Task directions → Beneath this task are records; print exactly the stretch of them from the line with "Lemma reduces_level i" through the line with "rewrite (_ : _ - _ = i./2.+1%:Z);", both ends included.

Records shown →
(* Four Cremona moves taking level [(A, h)] one level down. *)
Lemma reduces_four_moves (A h X Y : int) (W l : seq int) :
  1 <= h -> 2 * h <= A <= 3 * h -> X + Y = A + h -> Y <= X <= Y + 1 ->
  all (fun y => y <= A - X) W ->
  perm_eq l ([:: A; A; A; A; 2 * h; X; Y] ++ W) ->
  reduces_to_E0 (h, [:: Y + 2 * X - 2 * A; 2 * h - X; 0; 0; 0; 0; 0] ++ W) ->
  reduces_to_E0 (2 * A + h, l).
Proof.
move=> h_ge1 /andP[A_ge A_le] XY /andP[le_YX le_XY] W_le perm_l red.
have W_le' r : A - X <= r -> all (fun y => y <= r) W.
  by move=> le_r; apply: all_le_trans W_le.
apply: (@reduces_by_cremona _ A A A (A + 2 * h) h h h ([:: A; 2 * h; X; Y] ++ W) _
          ([:: A; 2 * h; X; Y; h; h; h] ++ W)); try lia.
- by rewrite (permPl perm_l); perm_by_count.
- by rewrite /= W_le' ?andbT; lia.
- by perm_by_count.
apply: (@reduces_by_cremona _ A (2 * h) X (A + 2 * h - X) (A - X) (2 * h - X) 0
          ([:: Y; h; h; h] ++ W) _ ([:: Y; h; h; h; A - X; 2 * h - X; 0] ++ W));
  try lia.
- by perm_by_count.
- by rewrite /= W_le' ?andbT; lia.
- by perm_by_count.
apply: (@reduces_by_cremona _ Y h h Y (A - X) 0 0
          ([:: h; A - X; 2 * h - X; 0] ++ W) _
          ([:: h; A - X; A - X; 0; 0; 2 * h - X; 0] ++ W)); try lia.
- by perm_by_count.
- by rewrite /= W_le' ?andbT; lia.
- by perm_by_count.
apply: (@reduces_by_cremona _ h (A - X) (A - X) h (Y + 2 * X - 2 * A) 0 0
          ([:: 0; 0; 2 * h - X; 0] ++ W) _ _ _ _ _ _ _ _ _ _ _ red); try lia.
- by perm_by_count.
- by rewrite /= W_le' ?andbT; lia.
- by perm_by_count.
Qed.

Lemma last_block_le i : all (fun y => y <= i./2.+1%:Z) (last_block i).
Proof.
by rewrite /last_block /last_block_odd /last_block_even;
  case: (odd i); rewrite /= ?all_cat !all_nseq_le //=; lia.
Qed.

Lemma lower_weights_ge0 i n : all (fun y => 0 <= y) (lower_weights i n).
Proof.
elim: n => [|n IH].
  by rewrite lower_weights0 /last_block /last_block_odd /last_block_even;
    case: (odd i); rewrite /= ?all_cat !all_nseq /= ?orbT.
have [h_ge1 a_gt] := level_bounds i n.
by rewrite lower_weightsS all_cat all_nseq /= IH !andbT; lia.
Qed.

Lemma lower_weightsS_le i n : all (fun y => y <= la i n) (lower_weights i n.+1).
Proof.
elim: n => [|n IH]; rewrite lower_weightsS all_cat all_nseq_le //=.
  have [h_ge1 a_gt] := level_bounds i 0; apply/andP; split; first lia.
  by apply: all_le_trans (last_block_le i); rewrite la0; lia.
have [h_ge1 a_gt] := level_bounds i n; have [h'_ge1 a'_gt] := level_bounds i n.+1.
apply/andP; split; first lia.
by apply: all_le_trans IH; rewrite laS; lia.
Qed.

Lemma reduces_level i n (X Y : int) (z : nat) (l : seq int) :
  X + Y = la i n + lh i n -> Y <= X <= Y + 1 ->
  perm_eq l ([:: la i n; la i n; la i n; la i n; 2 * lh i n; X; Y]
               ++ lower_weights i n ++ nseq z 0) ->
  reduces_to_E0 (2 * la i n + lh i n, l).
Proof.
elim: n X Y z l => [|n IH] X Y z l XY XY_le perm_l.
  have i_eq : i = (odd i + 2 * i./2)%N by rewrite -[LHS]odd_double_half mul2n.
  move: XY perm_l; rewrite la0 lh0 lower_weights0 => XY perm_l.
  apply: reduces_four_moves perm_l _; rewrite ?all_cat ?all_nseq_le //; try lia.
    by rewrite andbT; apply: all_le_trans (last_block_le i); lia.
  move: (last_block_le i); rewrite /last_block; case: (odd i) i_eq => /= i_eq _.
  - have -> : (i + 1)%N%:Z = (2 * i./2 + 2)%N by lia.
    apply: (reduces_last_block_odd _ (z + 5)).
    rewrite (_ : _ - _ = i./2.+1%:Z); last lia.
    by rewrite (_ : _ - X = i./2%:Z); [perm_by_count | lia].
  - have -> : (i + 1)%N%:Z = (2 * i./2 + 1)%N by lia.
    apply: (reduces_last_block_even _ (z + 5)).
    rewrite (_ : _ - _ = i./2%:Z); last lia.
    by rewrite (_ : _ - X = i./2%:Z); [perm_by_count | lia].
have [h_ge1 a_gt] := level_bounds i n; have [h'_ge1 a'_gt] := level_bounds i n.+1.
have a'_eq := laS i n; have h'_eq := lhS i n.
apply: reduces_four_moves perm_l _; try lia.
  rewrite all_cat all_nseq_le ?andbT; last lia.
  by apply: all_le_trans (lower_weightsS_le i n); lia.
rewrite h'_eq.
apply: (IH (Y + 2 * X - 2 * la i n.+1) (2 * lh i n.+1 - X) (z + 5)).
- lia.
- lia.
- by rewrite lower_weightsS; perm_by_count.
Qed.

Lemma lower_weights_le i n : all (fun y => y <= la i n) (lower_weights i n).
Proof.
case: n => [|n].
  by apply: all_le_trans (last_block_le i); rewrite la0; lia.
have [h_ge1 a_gt] := level_bounds i n.
by apply: all_le_trans (lower_weightsS_le i n); rewrite laS; lia.
Qed.

Lemma Eclass_weights_in_calE i n (D : int) :
  3 * la i n + lh i n = 2 * D + odd i -> 0 <= D ->
  in_calE (D + odd i) D (sort ge_int (Eclass_weights i n)).
Proof.
move=> HD D_ge0; have [h_ge1 a_gt] := level_bounds i n.
apply: (@in_calE_sort _ _ (la i n));
  rewrite /Eclass_weights ?all_cat ?mem_cat ?mem_nseq //=; try lia.
- by rewrite lower_weights_ge0 !andbT; lia.
- by rewrite lower_weights_le !andbT; lia.
move=> mr; rewrite perm_cons => perm_mr.
rewrite (_ : _ - _ = 2 * la i n + lh i n); last lia.
apply: (@reduces_level _ _ (D + odd i - la i n) (D - la i n) 0); try lia.
have perm_l : perm_eq [:: D + odd i - la i n, D - la i n & mr]
    [:: D + odd i - la i n, D - la i n, la i n, la i n, la i n, la i n,
        2 * lh i n & lower_weights i n] by rewrite !perm_cons perm_sym.
by rewrite (permPl perm_l); perm_by_count.
Qed.

Theorem proposition6p18 (k i : nat) : (1 <= k)%N ->
  exists (d e : int) (m m' : seq int),
    Eclass k i = (d%:~R, e%:~R, [seq x%:~R | x <- m]) /\
    perm_eq m m' /\ in_calE d e m'.
Proof.
case: k => // n _; have [D HD D_ge0] := level_parity i n.
exists (D + odd i), D, (Eclass_weights i n), (sort ge_int (Eclass_weights i n)).
split; first exact: Eclass_level.
by split; [rewrite perm_sym perm_sort | exact: Eclass_weights_in_calE].
Qed.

Result of the task →
Lemma reduces_level i n (X Y : int) (z : nat) (l : seq int) :
  X + Y = la i n + lh i n -> Y <= X <= Y + 1 ->
  perm_eq l ([:: la i n; la i n; la i n; la i n; 2 * lh i n; X; Y]
               ++ lower_weights i n ++ nseq z 0) ->
  reduces_to_E0 (2 * la i n + lh i n, l).
Proof.
elim: n X Y z l => [|n IH] X Y z l XY XY_le perm_l.
  have i_eq : i = (odd i + 2 * i./2)%N by rewrite -[LHS]odd_double_half mul2n.
  move: XY perm_l; rewrite la0 lh0 lower_weights0 => XY perm_l.
  apply: reduces_four_moves perm_l _; rewrite ?all_cat ?all_nseq_le //; try lia.
    by rewrite andbT; apply: all_le_trans (last_block_le i); lia.
  move: (last_block_le i); rewrite /last_block; case: (odd i) i_eq => /= i_eq _.
  - have -> : (i + 1)%N%:Z = (2 * i./2 + 2)%N by lia.
    apply: (reduces_last_block_odd _ (z + 5)).
    rewrite (_ : _ - _ = i./2.+1%:Z); last lia.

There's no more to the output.